Costs and Benefits

A colleague and I were in a conversation last night with someone thinking about moving to Indiana. My colleague noted–somewhat proudly, I thought–that despite the recession, and unlike so many neighboring states, Indiana has a budget surplus. He attributed that to sound “money management” by the Governor.

This morning’s Ft. Wayne Journal Gazette has a somewhat different take on how that surplus was achieved. 

As the paper noted,

The dirty little secret behind Indiana’s budget surplus is exactly how it came to be.
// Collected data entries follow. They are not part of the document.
Lemma horofoot_unique (θ r u v : R) : sin θ <> 0 -> 0 < r < 1 -> u ^ 2 + v ^ 2 < 1 ->
  (u - (1 - r)) ^ 2 + v ^ 2 = r ^ 2 -> cos θ * ((u - 1) ^ 2 + v ^ 2) = 2 * sin θ * v ->
  (u, v) = horofoot θ r.
Proof.
  intros HP Hr Hx Hc Hg; pose proof (horofoot_denom_pos θ r HP) as HQ; unfold horofoot.
  set (P := sin θ) in *; set (C := cos θ) in *; clearbody P C.
  remember (P ^ 2 + r ^ 2 * C ^ 2) as Q eqn:EQ.
  (* the common chord of the two circles through (1, 0) *)
  assert (Hlin : r * C * (u - 1) + P * v = 0).
  { replace ((u - 1) ^ 2 + v ^ 2) with (- 2 * r * (u - 1)) in Hg by lra; lra. }
  assert (Hw : (u - 1) * (Q * (u - 1) + 2 * r * P ^ 2) = 0).
  { rewrite EQ.
    transitivity (P ^ 2 * ((u - (1 - r)) ^ 2 + v ^ 2 - r ^ 2)
                  + (r * C * (u - 1) - P * v) * (r * C * (u - 1) + P * v)); [ring |].
    rewrite Hc, Hlin; ring. }
  assert (Hu1 : u - 1 <> 0).
  { intros Hu; rewrite Hu in Hlin.
    assert (v = 0) by (apply (Rmult_eq_reg_l P); [lra | exact HP]).
    replace u with 1 in Hx by lra; subst v; lra. }
  assert (Hu : Q * (u - 1) = - (2 * r * P ^ 2)).
  { destruct (Rmult_integral _ _ Hw); [contradiction | lra]. }
  f_equal.
  - apply (Rmult_eq_reg_l Q); [| lra].
    transitivity (Q - 2 * r * P ^ 2); [lra | field; lra].
  - apply (Rmult_eq_reg_l (P * Q));
      [| apply Rmult_integral_contrapositive; split; [exact HP | lra]].
    replace (P * Q * v) with (- r * C * (Q * (u - 1))).
    + rewrite Hu; field; lra.
    + transitivity (- Q * (r * C * (u - 1))); [ring |].
      replace (r * C * (u - 1)) with (- (P * v)) by lra; ring.
Qed.

Lemma horofoot_frame (θ r : R) (x : pt) : sin θ <> 0 -> 0 < r < 1 ->
  on_circle (1 - r, 0) r x /\ on_geodesic (1, 0) (idealpt θ) x <-> x = horofoot θ r.
Proof.
  intros HP Hr; pose proof (horofoot_denom_pos θ r HP) as HQ; split.
  - destruct x as [u v]; rewrite on_geodesic_frame by exact HP.
    intros [Hc [Hx Hg]]; apply on_circle_sq in Hc; cbn [fst snd] in Hc.
    apply horofoot_unique; auto; lra.
  - intros ->; pose proof (horofoot_dot θ r HP) as Hdot.
    unfold horofoot, dot in *; cbv zeta in *; cbn [fst snd] in Hdot.
    rewrite on_geodesic_frame by exact HP; split; [| split].
    + apply on_circle_of_sq; [lra |]; cbn [fst snd]; field; lra.
    + assert (0 < 4 * r * (1 - r) * sin θ ^ 2 / (sin θ ^ 2 + r ^ 2 * cos θ ^ 2)).
      { apply Rdiv_lt_0_compat; [| exact HQ].
        pose proof (Rsqr_pos_lt _ HP) as HP2; rewrite Rsqr_pow2 in HP2.
        apply Rmult_lt_0_compat; [nra | exact HP2]. }
      lra.
    + field; lra.
Qed.

Lemma horocycle_geodesic_meet (a b r : R) (x : pt) : sin (b - a) <> 0 -> 0 < r < 1 ->
  on_circle (pscale (1 - r) (idealpt a)) r x /\ on_geodesic (idealpt a) (idealpt b) x
  <-> x = rot (idealpt a) (horofoot (b - a) r).
Proof.
  intros Hs Hr.
  pose proof (idealpt_unit a) as HA; pose proof HA as HA'; rewrite <- dot_pconj in HA'.
  assert (E1 : rot (pconj (idealpt a)) (idealpt a) = (1, 0)) by now apply rot_pconj.
  assert (E2 : rot (pconj (idealpt a)) (idealpt b) = idealpt (b - a))
    by (rewrite pconj_idealpt, rot_idealpt; f_equal; ring).
  assert (E3 : rot (pconj (idealpt a)) (pscale (1 - r) (idealpt a)) = (1 - r, 0))
    by (rewrite rot_pscale, E1; unfold pscale; cbn [fst snd]; f_equal; ring).
  transitivity (rot (pconj (idealpt a)) x = horofoot (b - a) r).
  - rewrite <- horofoot_frame by assumption; rewrite <- E1, <- E2, <- E3; split.
    + intros [Hc Hg]; split; [now apply on_circle_rot | now apply on_geodesic_rot].
    + intros [Hc Hg]; apply (on_circle_rot (idealpt a)) in Hc; [| exact HA].
      apply (on_geodesic_rot (idealpt a)) in Hg; [| exact HA].
      rewrite !rot_pconjK in Hc by exact HA; rewrite !rot_pconjK in Hg by exact HA.
      now split.
  - split; intros H; [rewrite <- H | rewrite H, rot_rot, E1, rot1l]; auto.
    now rewrite rot_pconjK.
Qed.
Lemma crossing_gt_nonfull Y : (forall x, fibre_size Y x < n) -> 2 < #|Y| ->
  xi < #|crossing H Y|.
Proof.
move=> a_lt Y_gt2; have supp := crossing_ge_support a_lt.
have [/forallP a_pos|] := boolP [forall x, 0 < fibre_size Y x].
  apply: leq_trans (leq_trans xi_lt (geq_minr _ _)) (leq_trans _ supp).
  rewrite leq_mul2l (eq_bigr (fun x => 1 + degree e x)) => [|x _]; last by rewrite a_pos mul1n.
  by rewrite big_split /= sum1_card leq_add2l (handshake e_simple) orbT.
rewrite negb_forall => /existsP [z]; rewrite lt0n negbK => /eqP az.
set A := [set x | 0 < fibre_size Y x].
have [A_ge3|A_le2] := leqP 3 #|A|.
  apply: leq_trans (support3_bound n_gt3 min_degree_gt0) (leq_trans _ supp).
  rewrite leq_mul2l; apply/orP; right.
  apply: (@leq_trans (\sum_x (0 < fibre_size Y x) * (1 + d))).
    rewrite -big_distrl /=.
    have -> : \sum_x (0 < fibre_size Y x) = #|A|.
      by rewrite -sum1dep_card [RHS]big_mkcond; apply: eq_bigr => x _; case: (0 < _).
    by rewrite leq_mul2r A_ge3 orbT.
  by apply: leq_sum => x _; rewrite leq_mul2l leq_add2l min_degree_le orbT.
have [u [w [uw /subsetP A_uw]]] := subset_set2_card_le2 T_gt1 A_le2.
apply: (crossing_gt_two_fibres a_lt uw _ az Y_gt2) => x xu xw.
have : x \notin [set u; w] by rewrite !inE negb_or xu xw.
by move/(contra (A_uw x)); rewrite inE lt0n negbK => /eqP.
Qed.

Lemma crossing_gt X : 2 < #|X| -> 2 < #|~: X| -> xi < #|crossing H X|.
Proof.
move=> X_gt2 Xc_gt2.
have [/forallP a_lt|] := boolP [forall x, fibre_size X x < n].
  exact: crossing_gt_nonfull.
rewrite negb_forall => /existsP [x0]; rewrite -leqNgt => ax0.
have {}ax0 : fibre_size X x0 = n by apply/eqP; rewrite eqn_leq fibre_size_le.
have [/existsP [z0 /eqP az0]|] := boolP [exists z, fibre_size X z == 0].
  apply: leq_trans (leq_trans xi_lt (geq_minl _ _)) _.
  by rewrite -mulnn -mulnA; apply: crossing_ge_full_empty ax0 az0.
(* no fibre is empty, so no fibre of the complement is full *)
rewrite negb_exists => /forallP a_pos; rewrite -card_crossingC //.
apply: crossing_gt_nonfull => // x; rewrite fibre_sizeC.
by have := a_pos x; have := fibre_size_le X x; lia.
Qed.

End Bounds.

End StrongProduct.

Theorem corollary3p9 (T : finType) (e : rel T) (n : nat) :
  simple_graph e -> connected_graph e -> 2 <= #|T| -> 4 <= n ->
  minn (n ^ 2 * edge_conn e) ((n - 1) * (#|T| + 2 * nedges e))
    > 2 * n * min_degree e + 2 * n - 4 ->
  super_restricted_edge_connected (strong_product e (complete_graph n)).
Proof.
move=> e_simple e_conn T_gt1 n_gt3 xi_lt S [S_restr S_min].
set H := strong_product e (complete_graph n) in S_restr S_min *.
have [/existsP [x /eqP]|] := boolP [exists x, #|comp_of H S x| == 2]; first by exists x.
rewrite negb_exists => /forallP no_edge_comp; exfalso.
have [e_sym _] := e_simple.
have H_sym := strong_product_sym e_sym (@complete_graph_sym n).
have [x [comp_gt2 compC_gt2]] := restricted_cut_large_comp H_sym S_restr no_edge_comp.
have [x0 dx0] := min_degree_attained e_simple (ltnW T_gt1).
have n_gt1 : 1 < n by lia.
pose i0 : 'I_n := Ordinal (ltnW n_gt1); pose i1 : 'I_n := Ordinal n_gt1.
have i01 : i0 != i1 by [].
have S_le : #|S| <= 2 * n * min_degree e + 2 * n - 4.
  apply: leq_trans (S_min _ (restricted_isolating_cut e_simple n_gt3 x0 i01)) _.
  by rewrite -dx0 card_isolating_cut_layer.
have := crossing_gt e_simple e_conn T_gt1 n_gt3 xi_lt comp_gt2 compC_gt2.
by rewrite ltnNge (leq_trans (card_crossing_comp_le _ _ x) S_le).
Qed.
(* Let $g\sim(a,b,\mu)$ be a Bernstein function and $r:=r[g]$. Then \[\big[(t\operatorname{Re}z)\,e^{-t\operatorname{Re}z}\big]\,r(t)\le\operatorname{Re}g(z)\le|g(z)|\le\max(2,t|z|)\,r(t)\] for all $t>0$ and all $z\in\mathbb C$ with $\operatorname{Re}z>0$.
   Context: A Bernstein function $g\sim(a,b,\mu)$ is $g(z)=a+bz+\int_{(0,\infty)}(1-e^{-sz})\mu(\mathrm ds)$ ($\operatorname{Re} z>0$) with $a,b\ge0$, $\mu$ positive Radon on $(0,\infty)$, $\int\frac{s}{1+s}\mu(\mathrm ds)<\infty$. Rate function $r[g](t):=\frac a2+\frac bt+\int_{(0,\infty)}\min(s/t,1)\mu(\mathrm ds)$, $t>0$. *)

From HB Require Import structures.
From mathcomp Require Import all_boot all_order all_algebra.
From mathcomp Require Import all_classical all_reals all_analysis.
Set Implicit Arguments. Unset Strict Implicit. Unset Printing Implicit Defensive.
Import Order.TTheory GRing.Theory Num.Theory.
Import numFieldNormedType.Exports.
Local Open Scope classical_set_scope.
Local Open Scope ring_scope.

(* A Bernstein function g ~ (a,b,mu): mu is a (Borel) measure on R; only its
   restriction to (0,oo) matters, since all integrals are over `]0,+oo[. *)
Definition bernstein_triple (R : realType) (a b : R)
  (mu : {measure set R -> \bar R}) : Prop :=
  0 <= a /\ 0 <= b /\
  mu.-integrable `]0%R, +oo[ (fun s : R => (s / (1 + s))%:E).

(* Real and imaginary parts of g(z) for z = x + i y:
   g(z) = a + b z + \int (1 - e^{-s z}) mu(ds),
   e^{-s z} = e^{-s x} (cos (s y) - i sin (s y)). *)
Definition bern_re (R : realType) (a b : R) (mu : {measure set R -> \bar R})
  (x y : R) : R :=
  a + b * x + Rintegral mu `]0%R, +oo[ (fun s => 1 - expR (- (s * x)) * cos (s * y)).

Definition bern_im (R : realType) (a b : R) (mu : {measure set R -> \bar R})
  (x y : R) : R :=
  b * y + Rintegral mu `]0%R, +oo[ (fun s => expR (- (s * x)) * sin (s * y)).

Definition bern_abs (R : realType) (a b : R) (mu : {measure set R -> \bar R})
  (x y : R) : R :=
  Num.sqrt (bern_re a b mu x y ^+ 2 + bern_im a b mu x y ^+ 2).

Definition rate (R : realType) (a b : R) (mu : {measure set R -> \bar R})
  (t : R) : R :=
  a / 2 + b / t + Rintegral mu `]0%R, +oo[ (fun s => Num.min (s / t) 1).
Not the bounty of a booming economy but the result of nicks, cuts and downright slashing of programs critical to the safety of vulnerable Hoosiers and to the economic future of all its residents.
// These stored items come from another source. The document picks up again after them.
(* Consider fair division instances with $n=2$ agents, $m$ divisible goods, additive valuations and generalized assignment constraints (sizes and budgets publicly known; agents report valuations). Let $\mathcal{M}$ be the mechanism that splits each good $g$ into two identical halves $g^{(1)},g^{(2)}$, forms $S_1=\{g^{(1)}:g\in[m]\}$ and $S_2=\{g^{(2)}:g\in[m]\}$, and for each agent $i\in\{1,2\}$ sets $x_i$ to be a maximum-valued (with respect to $i$'s reported valuation) feasible-for-$i$ fractional subset of $S_i$, the rest going to charity. Then $\mathcal{M}$ is truthful and always outputs an FEF allocation.
   Context: An allocation is $x=(x_1,x_2)$ with $x_i\in[0,1]^m$ and $x_{1,g}+x_{2,g}\le1$; the charity receives $x_{\mathrm{charity},g}=1-x_{1,g}-x_{2,g}$. Additive valuations: $v_i(y)=\sum_g y_g v_{i,g}$. Generalized assignment constraints: agent $i$ has sizes $s_i(g)\ge0$ and budget $B_i$; bundle $y$ is feasible for $i$ iff $\sum_g s_i(g)y_g\le B_i$. A feasible allocation is FEF if for all agents $i,j$, every $y\le x_j$ (componentwise) feasible for $i$ has $v_i(x_i)\ge v_i(y)$, and every $y\le x_{\mathrm{charity}}$ feasible for $i$ has $v_i(x_i)\ge v_i(y)$. A mechanism maps reported additive valuation profiles to feasible allocations; it is truthful if for every agent $i$ with true valuation $v_i$ and every profile of reports of the others, agent $i$'s true value for her bundle when reporting $v_i$ is at least her true value for her bundle under any misreport $v_i'$. *)

From HB Require Import structures.
From mathcomp Require Import all_boot all_order all_algebra.
Set Implicit Arguments. Unset Strict Implicit. Unset Printing Implicit Defensive.
Import Order.TTheory GRing.Theory Num.Theory.
Local Open Scope ring_scope.

Section Defs.
Variables (R : realFieldType) (m : nat).

Definition agent := 'I_2.
Definition good := 'I_m.

Definition bundle (y : good -> R) : Prop := forall g, 0 <= y g <= 1.

Definition value (v : good -> R) (y : good -> R) : R := \sum_(g : good) y g * v g.

Definition nonneg_val (v : good -> R) : Prop := forall g, 0 <= v g.
Definition nonneg_profile (vs : agent -> good -> R) : Prop :=
  forall i, nonneg_val (vs i).

Definition fits (s : good -> R) (B : R) (y : good -> R) : Prop :=
  \sum_(g : good) s g * y g <= B.

Definition le_bundle (y z : good -> R) : Prop := forall g, y g <= z g.

Definition charity (x : agent -> good -> R) (g : good) : R :=
  1 - x ord0 g - x (lift ord0 ord0) g.

Definition feasible_alloc (s : agent -> good -> R) (B : agent -> R)
  (x : agent -> good -> R) : Prop :=
  (forall i, bundle (x i)) /\
  (forall g, x ord0 g + x (lift ord0 ord0) g <= 1) /\
  (forall i, fits (s i) (B i) (x i)).

Definition FEF (s : agent -> good -> R) (B : agent -> R)
  (vs : agent -> good -> R) (x : agent -> good -> R) : Prop :=
  forall i : agent,
    (forall j : agent, forall y, bundle y -> le_bundle y (x j) ->
        fits (s i) (B i) y -> value (vs i) y <= value (vs i) (x i)) /\
    (forall y, bundle y -> le_bundle y (charity x) ->
        fits (s i) (B i) y -> value (vs i) y <= value (vs i) (x i)).

Definition mechanism := (agent -> good -> R) -> agent -> good -> R.

Definition update (vs : agent -> good -> R) (i : agent) (w : good -> R) :
  agent -> good -> R := fun k => if k == i then w else vs k.

Definition truthful (M : mechanism) : Prop :=
  forall (vs : agent -> good -> R) (i : agent) (w : good -> R),
    nonneg_profile vs -> nonneg_val w ->
    value (vs i) (M (update vs i w) i) <= value (vs i) (M vs i).

(* fractional subsets of S_i: each good contributes its half g^(i), so the
   amount taken is in [0, 1/2] *)
Definition half_bundle (y : good -> R) : Prop := forall g, 0 <= y g <= 2^-1.

(* M is the halving mechanism: for every (nonnegative) reported profile, agent
   i receives a maximum-valued (w.r.t. i's report) feasible-for-i fractional
   subset of S_i; ties broken arbitrarily. *)
Definition halving_mechanism (s : agent -> good -> R) (B : agent -> R)
  (M : mechanism) : Prop :=
  forall vs, nonneg_profile vs -> forall i : agent,
    half_bundle (M vs i) /\ fits (s i) (B i) (M vs i) /\
    (forall y, half_bundle y -> fits (s i) (B i) y ->
       value (vs i) y <= value (vs i) (M vs i)).

End Defs.

From HB Require Import structures.
From mathcomp Require Import all_boot all_order all_algebra.
Set Implicit Arguments. Unset Strict Implicit. Unset Printing Implicit Defensive.
Import Order.TTheory GRing.Theory Num.Theory.
Local Open Scope ring_scope.

(* Agent i's bundle maximises her report over the fitting half-bundles, a set
   that does not depend on any report: a misreport only selects another point
   of it, which is truthfulness. Whatever lies below the other agent's bundle
   is again a half-bundle. If y fits and lies below the charity's share, then
   x_i + y <= 1, so the midpoint of x_i and y is a fitting half-bundle;
   optimality of x_i against this midpoint and linearity of the valuation give
   v_i(y) <= v_i(x_i). *)

Section Bundles.
Variables (R : realFieldType) (m : nat).
Implicit Types (a v s x y : good m -> R) (B : R).

Definition mid_bundle x y : good m -> R := fun g => (x g + y g) / 2.

Lemma sum_mul_mid a x y :
  \sum_g a g * mid_bundle x y g = (\sum_g a g * x g + \sum_g a g * y g) / 2.
Proof.
rewrite -big_split mulr_suml; apply: eq_bigr => g _.
by rewrite /mid_bundle mulrA mulrDr.
Qed.

Lemma valueE v y : value v y = \sum_g v g * y g.
Proof. by apply: eq_bigr => g _; rewrite mulrC. Qed.

Lemma value_mid v x y : value v (mid_bundle x y) = (value v x + value v y) / 2.
Proof. by rewrite !valueE sum_mul_mid. Qed.

Lemma fits_mid s B x y : fits s B x -> fits s B y -> fits s B (mid_bundle x y).
Proof.
rewrite /fits sum_mul_mid => hx hy.
by rewrite ler_pdivrMr ?ltr0n // mulr_natr mulr2n lerD.
Qed.

Lemma value_le_of_mid v x y :
  value v (mid_bundle x y) <= value v x -> value v y <= value v x.
Proof.
by rewrite value_mid ler_pdivrMr ?ltr0n // mulr_natr mulr2n lerD2l.
Qed.

Lemma half_bundle_mid x y :
  (forall g, 0 <= x g) -> (forall g, 0 <= y g) -> (forall g, x g + y g <= 1) ->
  half_bundle (mid_bundle x y).
Proof.
move=> x0 y0 xy1 g; rewrite divr_ge0 ?addr_ge0 //=.
by rewrite ler_pdivrMr ?ltr0n // mulVf ?pnatr_eq0.
Qed.

Lemma half_bundle_le x y :
  half_bundle x -> bundle y -> le_bundle y x -> half_bundle y.
Proof.
move=> hx hy yx g; have /andP [y0 _] := hy g; have /andP [_ x_half] := hx g.
by rewrite y0 (le_trans (yx g)).
Qed.

Lemma bundle_half_bundle x : half_bundle x -> bundle x.
Proof.
move=> hx g; have /andP [-> x_half] := hx g.
by rewrite (le_trans x_half) // invf_le1 ?ler1n ?ltr0n.
Qed.

End Bundles.

Lemma agent_cases (i : agent) : i = ord0 \/ i = lift ord0 ord0.
Proof. by case: i => [[|[|k]] // Hk]; [left|right]; apply/val_inj. Qed.

Lemma add_le1_of_le_charity (R : realFieldType) (m : nat)
    (x : agent -> good m -> R) (y : good m -> R) (i : agent) :
  (forall k g, 0 <= x k g) -> le_bundle y (charity x) ->
  forall g, x i g + y g <= 1.
Proof.
move=> x0 y_charity g; rewrite addrC -lerBrDr.
apply: le_trans (y_charity g) _; rewrite /charity -addrA lerD2l lerBlDr.
by case: (agent_cases i) => ->; rewrite ?addNr ?oppr_le0 ?lerDl x0.
Qed.

Section HalvingMechanism.
Variables (R : realFieldType) (m : nat).
Variables (s : agent -> good m -> R) (B : agent -> R) (M : mechanism R m).
Hypothesis hM : halving_mechanism s B M.

Lemma update_nonneg (vs : agent -> good m -> R) i w :
  nonneg_profile vs -> nonneg_val w -> nonneg_profile (update vs i w).
Proof. by move=> vs0 w0 k; rewrite /update; case: (k == i). Qed.

Lemma halving_truthful : truthful M.
Proof.
move=> vs i w vs0 w0.
have [half_dev [fits_dev _]] := hM (update_nonneg i vs0 w0) i.
by have [_ [_ opt]] := hM vs0 i; exact: opt half_dev fits_dev.
Qed.

Section Outcome.
Variables (vs : agent -> good m -> R) (vs0 : nonneg_profile vs).

Let x := M vs.

Lemma halving_ge0 k g : 0 <= x k g.
Proof. by have [/(_ g) /andP [] ] := hM vs0 k. Qed.

Lemma halving_le_half k g : x k g <= 2^-1.
Proof. by have [/(_ g) /andP [] ] := hM vs0 k. Qed.

Lemma halving_feasible : feasible_alloc s B x.
Proof.
split; [|split].
- by move=> k; apply: bundle_half_bundle; have [] := hM vs0 k.
- move=> g; rewrite [leRHS](splitr 1) mul1r.
  by rewrite lerD ?halving_le_half.
- by move=> k; have [_ []] := hM vs0 k.
Qed.

Lemma halving_FEF : FEF s B vs x.
Proof.
move=> i; have [_ [fits_i opt]] := hM vs0 i; split.
- move=> j y hy y_xj fits_y; apply: opt fits_y.
  by apply: half_bundle_le hy y_xj => g; rewrite halving_ge0 halving_le_half.
- move=> y hy y_charity fits_y; apply: value_le_of_mid.
  apply: opt (fits_mid fits_i fits_y).
  apply: half_bundle_mid; first exact: halving_ge0.
  + by move=> g; have /andP [] := hy g.
  + exact: add_le1_of_le_charity halving_ge0 y_charity.
Qed.

End Outcome.
End HalvingMechanism.

Theorem theorem5 (R : realFieldType) (m : nat)
  (s : agent -> good m -> R) (B : agent -> R)
  (hs : forall i g, 0 <= s i g) (hB : forall i, 0 <= B i)
  (M : mechanism R m) (hM : halving_mechanism s B M) :
  truthful M /\
  (forall vs : agent -> good m -> R, nonneg_profile vs ->
     feasible_alloc s B (M vs) /\ FEF s B vs (M vs)).
Proof.
split; first exact: halving_truthful hM.
move=> vs vs0; exact: conj (halving_feasible hM vs0) (halving_FEF hM vs0).
Qed.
The article focused especially on cuts to child services, noting that DCS returned an “astonishing” amount of money to the state at the same time that repeated reports of abuse went un-investigated, and at least six children died.

In a forthcoming article, Morton Marcus notes that Indiana’s unemployment remains among the highest in the country, despite the recovery. He makes the point–so often ignored–that government jobs are, in fact, jobs. When the state lays off workers, cuts teachers, police officers, child protective workers and others, it not only reduces the effectiveness of services we all depend upon (with sometimes tragic results, as the Journal-Gazette article documents), it reduces employment. It reduces the number of people paying taxes, and increases the number of those needing public services.

When times are tough, tough decisions absolutely need to be made. Budgets–at least in Indiana, which has a constitutional provision requiring it–must be balanced.

The question is: how? And at whose expense?

1 Comment

  1. Let’s back out those despicable federal dollars and then look at the budget bottom line.- do I see a state in the red?